Книга Венсана Уаттара с неожиданной стороны показывает историю взросления женщины из Буркина-Фасо — со счастливого детства, внезапно прерванного традиционным для многих африканских племен женским обрезанием. Когда героине, Йели, исполнилось девять лет, в дом «пришла старушка, она еле переставляла ноги, опираясь на палку. Ее звали Самбена». Считается, что женское обрезание снижает либидо и тем самым способствует супружеской верности. В этом есть и рудименты инициации — обряда, помогающего переходу из детской во взрослую жизнь.
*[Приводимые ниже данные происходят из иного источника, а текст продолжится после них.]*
Lemma power_expanded_form x t : 0 < t < T ->
  - pt (pt v) x t
  - th * v x t / (px gamma x t) ^ 2 * px (px v) x t
  + px v x t * (th * v x t / (px gamma x t) ^ 3) * px (px gamma) x t
  + (th + 1) / th * / v x t * (pt v x t) ^ 2 = 0.
Proof.
  intros Ht.
  assert (Hv := v_pos x t Ht). assert (HN := density_along_char_pos x t Ht).
  assert (H0 := Hmpos x 0 ltac:(lra)). assert (HJ := HJ_xx (gamma x t) t Ht).
  rewrite v_tt_power, v_xx_split, (px_is_derive _ _ _ _ (flux_x_derive x t Ht)),
    (px_is_derive _ _ _ _ (v_x_derive x t Ht)), flux_x_along, v_t_power, gamma_x_eq by exact Ht.
  transitivity (- th * v x t * (Derive (Derive f) (m (gamma x t) t) * px m (gamma x t) t ^ 2
      + Derive f (m (gamma x t) t) * px (px m) (gamma x t) t + pt r (gamma x t) t
      - q (gamma x t) t * px r (gamma x t) t - r (gamma x t) t ^ 2)).
  - field. repeat split; lra.
  - rewrite HJ. ring.
Qed.

End PowerCoupling.

End MeanFieldGame.

Theorem lemma3p5
  (f : R -> R) (u m gamma : R -> R -> R) (T : R) (U : R -> R -> Prop)
  (HT : 0 < T)
  (* f in C^2(0,oo), f' > 0 *)
  (Hf : C2_pos f)
  (Hf' : forall y, 0 < y -> 0 < Derive f y)
  (* classical solution: u in C^3, m in C^2 on an open set containing R x [0,T) *)
  (HU : open2 U)
  (HUdom : forall x t, 0 <= t < T -> U x t)
  (Hu : Ck 3 U u)
  (Hm : Ck 2 U m)
  (Hmpos : forall x t, 0 <= t < T -> 0 < m x t)
  (* the MFG system in R x (0,T) *)
  (HHJ : forall x t, 0 < t < T ->
      - pt u x t + / 2 * (px u x t) ^ 2 = f (m x t))
  (HFP : forall x t, 0 < t < T ->
      pt m x t - px (fun y s => m y s * px u y s) x t = 0)
  (* u_x has at most linear growth *)
  (Hgrowth : exists C, forall x t, 0 < t < T -> Rabs (px u x t) <= C * (1 + Rabs x))
  (* gamma solves gamma_t = - u_x(gamma, t), gamma(x,0) = x *)
  (Hg0 : forall x, gamma x 0 = x)
  (Hgc : forall x, filterlim (fun s => gamma x s) (at_right 0) (locally x))
  (Hgode : forall x t, 0 < t < T ->
      is_derive (fun s => gamma x s) t (- px u (gamma x t) t)) :
  let v := vfun f m gamma in
  (* general identity *)
  (forall x t, 0 < t < T ->
      ex_derive (fun y => flux_x v gamma y t) x /\
      ex_derive (fun s => flux_t f m v gamma x s) t /\
      - px (flux_x v gamma) x t - pt (flux_t f m v gamma) x t = 0)
  /\
  (* case f(m) = m^theta *)
  (forall theta, 0 < theta -> (forall y, 0 < y -> f y = Rpower y theta) ->
    forall x t, 0 < t < T ->
      - px (flux_x v gamma) x t
      - pt (fun y s => px gamma y s / (theta * v y s) * pt v y s) x t = 0 /\
      - pt (pt v) x t
      - theta * v x t / (px gamma x t) ^ 2 * px (px v) x t
      + px v x t * (theta * v x t / (px gamma x t) ^ 3) * px (px gamma) x t
      + (theta + 1) / theta * / v x t * (pt v x t) ^ 2 = 0)
  /\
  (* case f(m) = log m *)
  ((forall y, 0 < y -> f y = ln y) ->
    forall x t, 0 < t < T ->
      - px (flux_x v gamma) x t
      - pt (fun y s => px gamma y s * pt v y s) x t = 0).
Proof.
  intros v. split; [| split].
  - intros x t Ht. apply (flux_identity f u m gamma T U); assumption.
  - intros theta Htheta Hpow x t Ht. split.
    + apply (power_divergence_form f u m gamma T U); assumption.
    + apply (power_expanded_form f u m gamma T U); assumption.
  - intros Hlog x t Ht. apply (log_divergence_form f u m gamma T U); assumption.
Qed.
Кстати, подобным образом — как инициатический обряд —  можно трактовать и повсеместную ежегодную диспансеризацию в российских школах. Массовый медицинский медосмотр объединяет детей одного возраста точно так же, как и девочек в хижине старушки Самбены. Пережитый и преодоленный страх и физический дискомфорт, если не боль, способствуют взрослению ребенка, посвящают его в полный страданий мир взрослых.

«Таковы мы, женщины с заткнутым ртом, подчиненные глупым правилам, уничтожающим нашу жизнь. Потому что общество любит тех, кто подчиняется предписанным правилам и нормам. Потому что каждая из нас должна страдать в глубине души, чтобы сделать счастливыми других и быть для них образцом». Но наша героиня не смирилась. Будучи невестой своего двоюродного брата, она влюбилась в другого юношу, казавшегося ей более красивым и смелым, чем жених. Вроде бы удача оказалась на ее стороне — поехав на заработки, жених пропал без вести. Но дальше все оказалось еще хуже, и она становится второй женой отца своего любимого. Дальше все как в телесериале — с которого, в общем-то, и началось освобождение героини.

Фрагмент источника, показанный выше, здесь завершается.